[[ Data, beginning ]]

(* Let $(E,\rho)$ be a complete partial $b_v(s)$ metric space and let $S:E\to E$ satisfy $\rho(Su,Sw)\le\lambda\rho(u,w)$ for all $u,w\in E$, where $\lambda\in[0,1)$. Then $S$ has a unique fixed point $b\in E$, and $\rho(b,b)=0$.
   Context: Let $E$ be a nonempty set and $v\in\mathbb{N}$. $(E,\rho)$, with $\rho:E\times E\to[0,\infty)$, is a partial $b_v(s)$ metric space if there is a real $s\ge1$ such that for all $u,w,z_1,\dots,z_v\in E$: (1) $u=w$ iff $\rho(u,u)=\rho(u,w)=\rho(w,w)$; (2) $\rho(u,u)\le\rho(u,w)$; (3) $\rho(u,w)=\rho(w,u)$; (4) $\rho(u,w)\le s[\rho(u,z_1)+\rho(z_1,z_2)+\dots+\rho(z_{v-1},z_v)+\rho(z_v,w)]-\sum_{i=1}^v\rho(z_i,z_i)$. A sequence $\{u_n\}$ in $E$ converges to $u\in E$ if $\lim_{n\to\infty}\rho(u_n,u)=\rho(u,u)$; it is Cauchy if $\lim_{n,m\to\infty}\rho(u_n,u_m)$ exists and is finite. $(E,\rho)$ is complete if for every Cauchy sequence $\{u_n\}$ there is $u\in E$ with $\lim_{n,m\to\infty}\rho(u_n,u_m)=\lim_{n\to\infty}\rho(u_n,u)=\rho(u,u)$. *)

From Stdlib Require Import Reals Lra.
Open Scope R_scope.

Fixpoint chain_sum {E : Type} (rho : E -> E -> R) (z : nat -> E) (k : nat) : R :=
  match k with
  | O => 0
  | S k' => chain_sum rho z k' + rho (z k) (z (S k))
  end.

Fixpoint diag_sum {E : Type} (rho : E -> E -> R) (z : nat -> E) (k : nat) : R :=
  match k with
  | O => 0
  | S k' => diag_sum rho z k' + rho (z k) (z k)
  end.

(* Partial b_v(s) metric space; v in N is taken to be >= 1; the points
   z_1..z_v are given by z : nat -> E (only indices 1..v matter). *)
Definition partial_bv_metric {E : Type} (v : nat) (s : R) (rho : E -> E -> R) : Prop :=
  (1 <= v)%nat /\ 1 <= s /\
  (forall u w, 0 <= rho u w) /\
  (forall u w, u = w <-> (rho u u = rho u w /\ rho u w = rho w w)) /\
  (forall u w, rho u u <= rho u w) /\
  (forall u w, rho u w = rho w u) /\
  (forall (u w : E) (z : nat -> E),
      rho u w <= s * (rho u (z 1%nat) + chain_sum rho z (v - 1) + rho (z v) w)
                 - diag_sum rho z v).

Definition double_limit (f : nat -> nat -> R) (L : R) : Prop :=
  forall eps, eps > 0 -> exists N, forall n m, (n >= N)%nat -> (m >= N)%nat ->
    Rabs (f n m - L) < eps.

Definition pb_cauchy {E : Type} (rho : E -> E -> R) (u : nat -> E) : Prop :=
  exists L, double_limit (fun n m => rho (u n) (u m)) L.

Definition pb_complete {E : Type} (rho : E -> E -> R) : Prop :=
  forall u : nat -> E, pb_cauchy rho u ->
    exists x : E,
      double_limit (fun n m => rho (u n) (u m)) (rho x x) /\
      Un_cv (fun n => rho (u n) x) (rho x x).

(* Taking all intermediate points equal to x in the b_v(s) inequality gives the
   relaxed triangle inequality rho u w <= K (rho u x + rho x w) with K = s v.
   For a lambda-contraction, choose k with K lambda^k <= 1/2: splitting the
   orbit at its k-th point shows that it is bounded, so rho(u_n, u_m) <= lambda^n B
   and the orbit is Cauchy with limit 0.  Completeness yields a limit x with
   rho(x, x) = 0, the relaxed triangle inequality through u_{n+1} forces
   rho(Sx, x) = 0, and axiom (1) turns vanishing distances into equalities. *)

From Stdlib Require Import Reals Lra Lia Arith.
Open Scope R_scope.

Lemma chain_sum_const {E : Type} (rho : E -> E -> R) (x : E) (k : nat) :
  chain_sum rho (fun _ => x) k = INR k * rho x x.
Proof. induction k as [|k IH]; simpl chain_sum; [simpl; ring | rewrite IH, S_INR; ring]. Qed.

Lemma diag_sum_const {E : Type} (rho : E -> E -> R) (x : E) (k : nat) :
  diag_sum rho (fun _ => x) k = INR k * rho x x.
Proof. induction k as [|k IH]; simpl diag_sum; [simpl; ring | rewrite IH, S_INR; ring]. Qed.

Lemma partial_bv_metric_triangle {E : Type} (v : nat) (s : R) (rho : E -> E -> R) :
  partial_bv_metric v s rho ->
  forall u x w, rho u w <= s * INR v * (rho u x + rho x w).
Proof.
  intros (Hv & Hs & Hpos & _ & Hdiag & _ & Htri) u x w.
  pose proof (Htri u w (fun _ => x)) as H; simpl in H.
  rewrite chain_sum_const, diag_sum_const in H.
  replace v with (S (v - 1)) in * by lia.
  rewrite S_INR in *; replace (S (v - 1) - 1)%nat with (v - 1)%nat in H by lia.
  set (n := INR (v - 1)) in *.
  assert (Hn : 0 <= n) by apply pos_INR.
  pose proof (Hdiag x w); pose proof (Hpos u x); pose proof (Hpos x x).
  assert (0 <= s * n * (rho x w - rho x x)) by (apply Rmult_le_pos; nra).
  assert (0 <= s * n * rho u x) by (apply Rmult_le_pos; nra).
  nra.
Qed.

Lemma bounded_initial_segment (D : nat -> R) (k : nat) :
  exists M, forall j, (j <= k)%nat -> D j <= M.
Proof.
  induction k as [|k [M HM]].
  - exists (D 0%nat); intros j Hj; replace j with 0%nat by lia; lra.
  - exists (Rmax M (D (S k))); intros j Hj.
    destruct (Nat.eq_dec j (S k)) as [->|Hne]; [apply Rmax_r|].
    eapply Rle_trans; [apply HM; lia | apply Rmax_l].
Qed.

Lemma Un_cv_const (c : R) : Un_cv (fun _ => c) c.
Proof. intros eps Heps; exists 0%nat; intros n _; rewrite Rdist_eq; lra. Qed.

Lemma double_limit_unique (f : nat -> nat -> R) (L1 L2 : R) :
  double_limit f L1 -> double_limit f L2 -> L1 = L2.
Proof.
  intros H1 H2.
  destruct (Req_dec L1 L2) as [|Hne]; [assumption | exfalso].
  assert (Heps : Rabs (L1 - L2) / 2 > 0)
    by (apply Rdiv_lt_0_compat; [apply Rabs_pos_lt; lra | lra]).
  destruct (H1 _ Heps) as [N1 HN1]; destruct (H2 _ Heps) as [N2 HN2].
  set (N := Nat.max N1 N2).
  specialize (HN1 N N ltac:(lia) ltac:(lia)); specialize (HN2 N N ltac:(lia) ltac:(lia)).
  pose proof (Rabs_triang (L1 - f N N) (f N N - L2)) as Htr.
  rewrite Rabs_minus_sym in HN1.
  replace (L1 - f N N + (f N N - L2)) with (L1 - L2) in Htr by ring.
  lra.
Qed.

Section ContractionOrbit.

Variables (E : Type) (rho : E -> E -> R) (K : R) (T : E -> E) (lam : R).

Hypothesis rho_ge0 : forall u w, 0 <= rho u w.
Hypothesis rho_sym : forall u w, rho u w = rho w u.
Hypothesis rho_triangle : forall u x w, rho u w <= K * (rho u x + rho x w).
Hypothesis K_ge1 : 1 <= K.
Hypothesis lam_ge0 : 0 <= lam.
Hypothesis lam_lt1 : lam < 1.
Hypothesis T_contraction : forall u w, rho (T u) (T w) <= lam * rho u w.

Lemma pow_lt_eventually (y : R) :
  0 < y -> exists N, forall n, (N <= n)%nat -> lam ^ n < y.
Proof.
  intros Hy.
  destruct (pow_lt_1_zero lam ltac:(rewrite Rabs_right; lra) y Hy) as [N HN].
  exists N; intros n Hn.
  specialize (HN n Hn); rewrite Rabs_right in HN; [lra | apply Rle_ge, pow_le; lra].
Qed.

Lemma rho_iter_contract (n : nat) (a b : E) :
  rho (Nat.iter n T a) (Nat.iter n T b) <= lam ^ n * rho a b.
Proof.
  induction n as [|n IH]; simpl; [lra|].
  eapply Rle_trans; [apply T_contraction|].
  rewrite Rmult_assoc; apply Rmult_le_compat_l; assumption.
Qed.

Lemma orbit_bounded (x : E) :
  exists B, 0 <= B /\ forall p, rho x (Nat.iter p T x) <= B.
Proof.
  destruct (pow_lt_eventually (/ (2 * K)) ltac:(apply Rinv_0_lt_compat; lra)) as [k Hk].
  specialize (Hk k (le_n k)).
  assert (HKk : K * lam ^ k <= / 2).
  { apply (Rmult_lt_compat_l K) in Hk; [|lra].
    replace (K * / (2 * K)) with (/ 2) in Hk by (field; lra); lra. }
  assert (Hk0 : k <> 0%nat) by (intros ->; simpl in HKk; lra).
  destruct (bounded_initial_segment (fun j => rho x (Nat.iter j T x)) k) as [M HM].
  assert (HM0 : 0 <= M) by (eapply Rle_trans; [apply rho_ge0 | apply (HM 0%nat); lia]).
  exists (2 * K * M); split; [nra|].
  intros p; induction p as [p IH] using (well_founded_induction Wf_nat.lt_wf).
  destruct (le_lt_dec p k) as [Hpk|Hkp]; [specialize (HM p Hpk); simpl in HM; nra|].
  (* Split at the k-th point: rho(x, u_p) <= K (M + lam^k B) <= K M + B / 2 = B. *)
  replace p with (k + (p - k))%nat by lia.
  pose proof (rho_triangle x (Nat.iter k T x) (Nat.iter (k + (p - k)) T x)) as Hsplit.
  pose proof (HM k (le_n k)) as Hk_le.
  rewrite Nat.iter_add in *.
  pose proof (rho_iter_contract k x (Nat.iter (p - k) T x)) as Htail.
  specialize (IH (p - k)%nat ltac:(lia)).
  pose proof (pow_le lam k lam_ge0).
  assert (rho x (Nat.iter (p - k) T x) * (K * lam ^ k) <= 2 * K * M * / 2)
    by (apply Rmult_le_compat; [apply rho_ge0 | apply Rmult_le_pos; lra | exact IH | exact HKk]).
  nra.
Qed.

Lemma orbit_rho_le (x : E) (B : R) :
  (forall p, rho x (Nat.iter p T x) <= B) ->
  forall n m, (n <= m)%nat -> rho (Nat.iter n T x) (Nat.iter m T x) <= lam ^ n * B.
Proof.
  intros HB n m Hnm.
  replace m with (n + (m - n))%nat by lia; rewrite Nat.iter_add.
  eapply Rle_trans; [apply rho_iter_contract|].
  apply Rmult_le_compat_l; [apply pow_le; lra | apply HB].
Qed.

Lemma orbit_double_limit0 (x : E) :
  double_limit (fun n m => rho (Nat.iter n T x) (Nat.iter m T x)) 0.
Proof.
  destruct (orbit_bounded x) as [B [HB0 HB]].
  intros eps Heps.
  destruct (pow_lt_eventually (eps / (B + 1)) ltac:(apply Rdiv_lt_0_compat; lra)) as [N HN].
  assert (Hsmall : forall n, (N <= n)%nat -> lam ^ n * B < eps).
  { intros n Hn; specialize (HN n Hn).
    apply (Rmult_lt_compat_r (B + 1)) in HN; [|lra].
    replace (eps / (B + 1) * (B + 1)) with eps in HN by (field; lra).
    pose proof (pow_le lam n lam_ge0); nra. }
  exists N; intros n m Hn Hm.
  rewrite Rminus_0_r, Rabs_right by (apply Rle_ge, rho_ge0).
  destruct (le_lt_dec n m) as [Hnm|Hmn].
  - eapply Rle_lt_trans; [apply (orbit_rho_le x B HB n m Hnm) | apply Hsmall; lia].
  - rewrite rho_sym.
    eapply Rle_lt_trans; [apply (orbit_rho_le x B HB m n); lia | apply Hsmall; lia].
Qed.

Hypothesis rho_diag_le : forall u w, rho u u <= rho u w.
Hypothesis rho_eq_iff : forall u w, u = w <-> (rho u u = rho u w /\ rho u w = rho w w).

Lemma rho_eq0_eq (a b : E) : rho a b = 0 -> a = b.
Proof.
  intros Hab.
  pose proof (rho_diag_le a b); pose proof (rho_diag_le b a); rewrite (rho_sym b a) in *.
  pose proof (rho_ge0 a a); pose proof (rho_ge0 b b).
  apply rho_eq_iff; lra.
Qed.

Lemma orbit_limit_fixed (x e0 : E) :
  Un_cv (fun n => rho (Nat.iter n T e0) x) 0 -> T x = x.
Proof.
  intros Hcv.
  set (a := fun n => rho (Nat.iter n T e0) x) in Hcv.
  assert (Hbound : forall n, rho (T x) x <= K * (lam * a n + a (n + 1)%nat)).
  { intros n; unfold a; rewrite Nat.add_1_r.
    eapply Rle_trans; [apply (rho_triangle _ (Nat.iter (S n) T e0))|].
    apply Rmult_le_compat_l; [lra|].
    apply Rplus_le_compat_r; rewrite rho_sym; apply T_contraction. }
  assert (Hlim : Un_cv (fun n => K * (lam * a n + a (n + 1)%nat)) (K * (lam * 0 + 0))).
  { apply CV_mult; [apply Un_cv_const|].
    apply CV_plus; [apply CV_mult; [apply Un_cv_const | exact Hcv]|].
    exact (CV_shift' a 1 0 Hcv). }
  pose proof (Rle_cv_lim Hbound (Un_cv_const (rho (T x) x)) Hlim).
  pose proof (rho_ge0 (T x) x).
  apply rho_eq0_eq; lra.
Qed.

Lemma fixed_point_unique (b c : E) : T b = b -> T c = c -> c = b.
Proof.
  intros Hb Hc.
  pose proof (T_contraction c b) as H; rewrite Hb, Hc in H.
  pose proof (rho_ge0 c b).
  apply rho_eq0_eq; nra.
Qed.

Hypothesis rho_complete : pb_complete rho.

Lemma fixed_point_exists (e0 : E) : exists b, T b = b /\ rho b b = 0.
Proof.
  pose proof (orbit_double_limit0 e0) as Hcauchy.
  destruct (rho_complete (fun n => Nat.iter n T e0) (ex_intro _ 0 Hcauchy))
    as [b [Hdl Hcv]].
  assert (Hbb : rho b b = 0) by exact (double_limit_unique _ _ _ Hdl Hcauchy).
  rewrite Hbb in Hcv.
  exists b; split; [exact (orbit_limit_fixed b e0 Hcv) | exact Hbb].
Qed.

End ContractionOrbit.

Theorem mainTheorem2 (E : Type) (e0 : E) (v : nat) (s : R) (rho : E -> E -> R)
  (Hmet : partial_bv_metric v s rho) (Hcomp : pb_complete rho)
  (S : E -> E) (lam : R) (Hlam0 : 0 <= lam) (Hlam1 : lam < 1)
  (Hcontr : forall u w, rho (S u) (S w) <= lam * rho u w) :
  exists b : E, S b = b /\ rho b b = 0 /\ (forall c : E, S c = c -> c = b).
Proof.
  pose proof (partial_bv_metric_triangle v s rho Hmet) as Htri.
  destruct Hmet as (Hv & Hs & Hpos & Heq & Hdiag & Hsym & _).
  assert (HK : 1 <= s * INR v) by (pose proof (le_INR 1 v Hv); simpl in *; nra).
  destruct (fixed_point_exists E rho (s * INR v) S lam Hpos Hsym Htri HK Hlam0 Hlam1
              Hcontr Hdiag Heq Hcomp e0) as [b [Hb Hbb]].
  exists b; split; [exact Hb | split; [exact Hbb|]].
  intros c Hc; exact (fixed_point_unique E rho S lam Hpos Hsym Hlam1 Hcontr Hdiag Heq b c Hb Hc).
Qed.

[[ Data, end ]]

* [Work required]: Give back, exactly as written, the stretch from the line with "rewrite Nat.iter_add in *." through the line with "replace m with", and no other lines from the records above.

* [Response to the exercise]:
  rewrite Nat.iter_add in *.
  pose proof (rho_iter_contract k x (Nat.iter (p - k) T x)) as Htail.
  specialize (IH (p - k)%nat ltac:(lia)).
  pose proof (pow_le lam k lam_ge0).
  assert (rho x (Nat.iter (p - k) T x) * (K * lam ^ k) <= 2 * K * M * / 2)
    by (apply Rmult_le_compat; [apply rho_ge0 | apply Rmult_le_pos; lra | exact IH | exact HKk]).
  nra.
Qed.

Lemma orbit_rho_le (x : E) (B : R) :
  (forall p, rho x (Nat.iter p T x) <= B) ->
  forall n m, (n <= m)%nat -> rho (Nat.iter n T x) (Nat.iter m T x) <= lam ^ n * B.
Proof.
  intros HB n m Hnm.
  replace m with (n + (m - n))%nat by lia; rewrite Nat.iter_add.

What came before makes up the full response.